**Source data**
=== Begin Enclosure ===

Lemma Jp_taylor u : Jp u = 1 - u + u ^ 2 * Jrem u.
Proof.
  unfold Jp, Jrem; rewrite (PSeries_taylor _ fact_bounded_J0_coef 2).
  simpl; unfold J0_coef; simpl; field.
Qed.
Lemma Jp1_taylor u : Jp1 u = -1 + u / 2 + u ^ 2 * Jrem1 u.
Proof.
  unfold Jp1, Jrem1; rewrite (PSeries_taylor _ (fact_bounded_PS_derive _ fact_bounded_J0_coef) 1).
  simpl; unfold PS_derive, J0_coef; simpl; field.
Qed.
Lemma Jp2_taylor u : Jp2 u = 1 / 2 + u * Jrem2 u.
Proof.
  unfold Jp2, Jrem2.
  rewrite (PSeries_taylor _ (fact_bounded_PS_derive _ (fact_bounded_PS_derive _ fact_bounded_J0_coef)) 0).
  simpl; unfold PS_derive, J0_coef; simpl; field.
Qed.
Lemma Hp_taylor u : Hp u = u + u ^ 2 * Hrem u.
Proof.
  unfold Hp, Hrem; rewrite (PSeries_taylor _ fact_bounded_harm_coef 1).
  simpl; unfold harm_coef, harm, harmonic, sum_f; simpl; field.
Qed.
Lemma Hp1_taylor u : Hp1 u = 1 - 3 / 4 * u + u ^ 2 * Hrem1 u.
Proof.
  unfold Hp1, Hrem1; rewrite (PSeries_taylor _ (fact_bounded_PS_derive _ fact_bounded_harm_coef) 1).
  simpl; unfold PS_derive, harm_coef, harm, harmonic, sum_f; simpl; field.
Qed.
Lemma Hp2_taylor u : Hp2 u = -3 / 4 + u * Hrem2 u.
Proof.
  unfold Hp2, Hrem2.
  rewrite (PSeries_taylor _ (fact_bounded_PS_derive _ (fact_bounded_PS_derive _ fact_bounded_harm_coef)) 0).
  simpl; unfold PS_derive, harm_coef, harm, harmonic, sum_f; simpl; field.
Qed.

(** The logarithm is a separate argument [L] so that the remainders are affine in ln ω. *)
Definition Yrem (L v : R) : R :=
  / PI * L * Jrem v + 2 / PI * (euler_gamma * Jrem v + Hrem v).
Definition Yrem1 (L v : R) : R :=
  / PI * (PSeries_tail J0_coef 3 v + L * Jrem1 v) + 2 / PI * (euler_gamma * Jrem1 v + Hrem1 v).
Definition Yrem2 (L v : R) : R :=
  / PI * (- PSeries_tail J0_coef 3 v + 2 * Jrem1 v + L * Jrem2 v)
  + 2 / PI * (euler_gamma * Jrem2 v + Hrem2 v).

Lemma Yp_taylor v : 0 < v ->
  Yp v = / PI * ln v * (1 - v) + 2 / PI * (euler_gamma * (1 - v) + v) + v ^ 2 * Yrem (ln v) v.
Proof.
  intros Hv; unfold Yp, Yrem; rewrite Jp_taylor, Hp_taylor; field; apply PI_neq0.
Qed.

Lemma Yp1_taylor v : 0 < v ->
  Yp1 v = / PI * (/ v - 1 + v / 4 + ln v * (-1 + v / 2))
          + 2 / PI * (euler_gamma * (-1 + v / 2) + 1 - 3 / 4 * v) + v ^ 2 * Yrem1 (ln v) v.
Proof.
  intros Hv; unfold Yp1, Yrem1; rewrite Jp_taylor, Jp1_taylor, Hp1_taylor; unfold Jrem.
  field; split; [apply PI_neq0 | lra].
Qed.

Lemma Yp2_taylor v : 0 < v ->
  Yp2 v = / PI * (- / v ^ 2 - / v + 3 / 4 + ln v / 2) + 2 / PI * (euler_gamma / 2 - 3 / 4)
          + v * Yrem2 (ln v) v.
Proof.
  intros Hv; unfold Yp2, Yrem2; rewrite Jp_taylor, Jp1_taylor, Jp2_taylor, Hp2_taylor; unfold Jrem.
  field; split; [apply PI_neq0 | lra].
Qed.

Lemma ex_derive_Jrem v : ex_derive Jrem v.
Proof.
  unfold Jrem; auto_derive; repeat split; auto.
  apply ex_derive_PSeries_tail, fact_bounded_J0_coef.
Qed.
Lemma ex_derive_Jrem1 v : ex_derive Jrem1 v.
Proof. apply ex_derive_PSeries_tail, fact_bounded_PS_derive, fact_bounded_J0_coef. Qed.
Lemma ex_derive_Jrem2 v : ex_derive Jrem2 v.
Proof. apply ex_derive_PSeries_tail, fact_bounded_PS_derive, fact_bounded_PS_derive, fact_bounded_J0_coef. Qed.

Lemma ex_derive_Yrem L v : ex_derive (Yrem L) v.
Proof.
  unfold Yrem, Hrem; auto_derive; repeat split; auto using ex_derive_Jrem.
  apply ex_derive_PSeries_tail, fact_bounded_harm_coef.
Qed.
Lemma ex_derive_Yrem1 L v : ex_derive (Yrem1 L) v.
Proof.
  unfold Yrem1, Hrem1; auto_derive; repeat split; auto using ex_derive_Jrem1.
  - apply ex_derive_PSeries_tail, fact_bounded_J0_coef.
  - apply ex_derive_PSeries_tail, fact_bounded_PS_derive, fact_bounded_harm_coef.
Qed.
Lemma ex_derive_Yrem2 L v : ex_derive (Yrem2 L) v.
Proof.
  unfold Yrem2, Hrem2; auto_derive; repeat split; auto using ex_derive_Jrem1, ex_derive_Jrem2.
  - apply ex_derive_PSeries_tail, fact_bounded_J0_coef.
  - apply ex_derive_PSeries_tail, fact_bounded_PS_derive, fact_bounded_PS_derive, fact_bounded_harm_coef.
Qed.

(** * Hessians of radial functions *)

Definition sqnorm (y : R * R) : R := fst y ^ 2 + snd y ^ 2.

Lemma sqnorm_pos x : x <> (0, 0) -> 0 < sqnorm x.
Proof.
  destruct x as [a b]; unfold sqnorm; simpl; intros Hx.
  destruct (Rle_or_lt (a ^ 2 + b ^ 2) 0) as [H|H]; auto.
  exfalso; apply Hx; f_equal; nra.
Qed.

Definition along (y : R * R) (i : nat) (t : R) : R * R :=
  if Nat.eqb i 0 then (t, snd y) else (fst y, t).

Lemma partial_along f i y : partial f i y = Derive (fun t => f (along y i t)) (coord y i).
Proof. unfold partial, along, coord; destruct (Nat.eqb i 0); reflexivity. Qed.

Lemma along_coord y i : along y i (coord y i) = y.
Proof. destruct y; unfold along, coord; destruct (Nat.eqb i 0); reflexivity. Qed.

Lemma sqnorm_along y i t : sqnorm (along y i t) = t ^ 2 + (sqnorm y - coord y i ^ 2).
Proof. unfold sqnorm, along, coord; destruct (Nat.eqb i 0); simpl; ring. Qed.

Lemma is_derive_coord_along y i j : (i < 2)%nat -> (j < 2)%nat ->
  is_derive (fun t => coord (along y i t) j) (coord y i) (kron i j).
Proof.
  intros Hi Hj; unfold coord, along, kron.
  destruct i as [|[|]]; destruct j as [|[|]]; try lia; simpl; auto_derive; auto.
Qed.

Lemma locally_sqnorm_along_pos y i : 0 < sqnorm y ->
  locally (coord y i) (fun t => 0 < sqnorm (along y i t)).
Proof.
  intros Hy.
  assert (Hc : continuous (fun t => t ^ 2 + (sqnorm y - coord y i ^ 2)) (coord y i))
    by (apply (ex_derive_continuous (K := R_AbsRing) (V := R_NormedModule)); auto_derive; exact I).
  apply (filter_imp (fun t => 0 < t ^ 2 + (sqnorm y - coord y i ^ 2))).
  - intros t; rewrite sqnorm_along; auto.
  - apply (Hc (fun u => 0 < u)), open_gt; lra.
Qed.

Lemma is_derive_radial_along (G G1 : R -> R) y i :
  (forall u, 0 < u -> is_derive G u (G1 u)) -> 0 < sqnorm y ->
  is_derive (fun t => G (sqnorm (along y i t))) (coord y i) (2 * G1 (sqnorm y) * coord y i).
Proof.
  intros dG Hy.
  apply (is_derive_ext (fun t => G (t ^ 2 + (sqnorm y - coord y i ^ 2))));
    [intros t; rewrite sqnorm_along; reflexivity|].
  set (c := sqnorm y - coord y i ^ 2).
  assert (Hin : is_derive (fun t => t ^ 2 + c) (coord y i) (2 * coord y i))
    by (auto_derive; [exact I | ring]).
  assert (Hout : is_derive G (coord y i ^ 2 + c) (G1 (sqnorm y)))
    by (unfold c; replace (coord y i ^ 2 + _) with (sqnorm y) by ring; apply dG, Hy).
  replace (2 * G1 (sqnorm y) * coord y i) with (scal (2 * coord y i) (G1 (sqnorm y)))
    by (unfold scal; simpl; unfold mult; simpl; ring).
  exact (is_derive_comp G (fun t => t ^ 2 + c) _ _ _ Hout Hin).
Qed.

Section RadialHessian.
Variables G G1 G2 : R -> R.
Hypothesis dG : forall u, 0 < u -> is_derive G u (G1 u).
Hypothesis dG1 : forall u, 0 < u -> is_derive G1 u (G2 u).
Variable f : R * R -> R.
Hypothesis f_radial : forall z, 0 < sqnorm z -> f z = G (sqnorm z).

Lemma partial_radial y i : 0 < sqnorm y -> partial f i y = 2 * G1 (sqnorm y) * coord y i.
Proof.
  intros Hy; rewrite partial_along; apply is_derive_unique.
  apply (is_derive_ext_loc (fun t => G (sqnorm (along y i t)))).
  - apply (filter_imp (fun t => 0 < sqnorm (along y i t))); [|apply locally_sqnorm_along_pos, Hy].
    intros t Ht; rewrite f_radial by exact Ht; reflexivity.
  - apply is_derive_radial_along; assumption.
Qed.

Lemma hess_radial y i j : 0 < sqnorm y -> (i < 2)%nat -> (j < 2)%nat ->
  hess f i j y = 4 * G2 (sqnorm y) * coord y i * coord y j + 2 * G1 (sqnorm y) * kron i j.
Proof.
  intros Hy Hi Hj; unfold hess; rewrite partial_along; apply is_derive_unique.
  apply (is_derive_ext_loc (fun t => 2 * G1 (sqnorm (along y i t)) * coord (along y i t) j)).
  - apply (filter_imp (fun t => 0 < sqnorm (along y i t))); [|apply locally_sqnorm_along_pos, Hy].
    intros t Ht; rewrite partial_radial by exact Ht; reflexivity.
  - pose proof (is_derive_scal _ _ 2 _ (is_derive_radial_along G1 G2 y i dG1 Hy)) as HG1.
    pose proof (is_derive_mult _ _ _ _ _ HG1 (is_derive_coord_along y i j Hi Hj) Rmult_comm) as H.
    cbv beta in H; rewrite along_coord in H.
    replace (4 * G2 (sqnorm y) * coord y i * coord y j + 2 * G1 (sqnorm y) * kron i j)
      with (plus (mult (2 * (2 * G2 (sqnorm y) * coord y i)) (coord y j))
                 (mult (2 * G1 (sqnorm y)) (kron i j)))
      by (unfold plus, mult; simpl; ring).
    exact H.
Qed.

End RadialHessian.

Lemma is_derive_scaled (G G1 : R -> R) k u :
  (forall v, 0 < v -> is_derive G v (G1 v)) -> k <> 0 -> 0 < u ->
  is_derive (fun u => G (k ^ 2 * u / 4)) u (k ^ 2 / 4 * G1 (k ^ 2 * u / 4)).
Proof.
  intros dG Hk Hu.
  assert (Hk2 : 0 < k ^ 2) by (apply pow2_gt_0, Hk).
  assert (Hin : is_derive (fun u => k ^ 2 * u / 4) u (k ^ 2 / 4)) by (auto_derive; [exact I | field]).
  assert (Hout : is_derive G (k ^ 2 * u / 4) (G1 (k ^ 2 * u / 4))) by (apply dG; nra).
  exact (is_derive_comp G (fun u => k ^ 2 * u / 4) u _ _ Hout Hin).
Qed.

=== End Enclosure ===

**Brief**
Repeat each line of the data above, exactly as it appears, from the first through the line that contains "unfold Hp1, Hrem1;".

**Worked solution**
Lemma Jp_taylor u : Jp u = 1 - u + u ^ 2 * Jrem u.
Proof.
  unfold Jp, Jrem; rewrite (PSeries_taylor _ fact_bounded_J0_coef 2).
  simpl; unfold J0_coef; simpl; field.
Qed.
Lemma Jp1_taylor u : Jp1 u = -1 + u / 2 + u ^ 2 * Jrem1 u.
Proof.
  unfold Jp1, Jrem1; rewrite (PSeries_taylor _ (fact_bounded_PS_derive _ fact_bounded_J0_coef) 1).
  simpl; unfold PS_derive, J0_coef; simpl; field.
Qed.
Lemma Jp2_taylor u : Jp2 u = 1 / 2 + u * Jrem2 u.
Proof.
  unfold Jp2, Jrem2.
  rewrite (PSeries_taylor _ (fact_bounded_PS_derive _ (fact_bounded_PS_derive _ fact_bounded_J0_coef)) 0).
  simpl; unfold PS_derive, J0_coef; simpl; field.
Qed.
Lemma Hp_taylor u : Hp u = u + u ^ 2 * Hrem u.
Proof.
  unfold Hp, Hrem; rewrite (PSeries_taylor _ fact_bounded_harm_coef 1).
  simpl; unfold harm_coef, harm, harmonic, sum_f; simpl; field.
Qed.
Lemma Hp1_taylor u : Hp1 u = 1 - 3 / 4 * u + u ^ 2 * Hrem1 u.
Proof.
  unfold Hp1, Hrem1; rewrite (PSeries_taylor _ (fact_bounded_PS_derive _ fact_bounded_harm_coef) 1).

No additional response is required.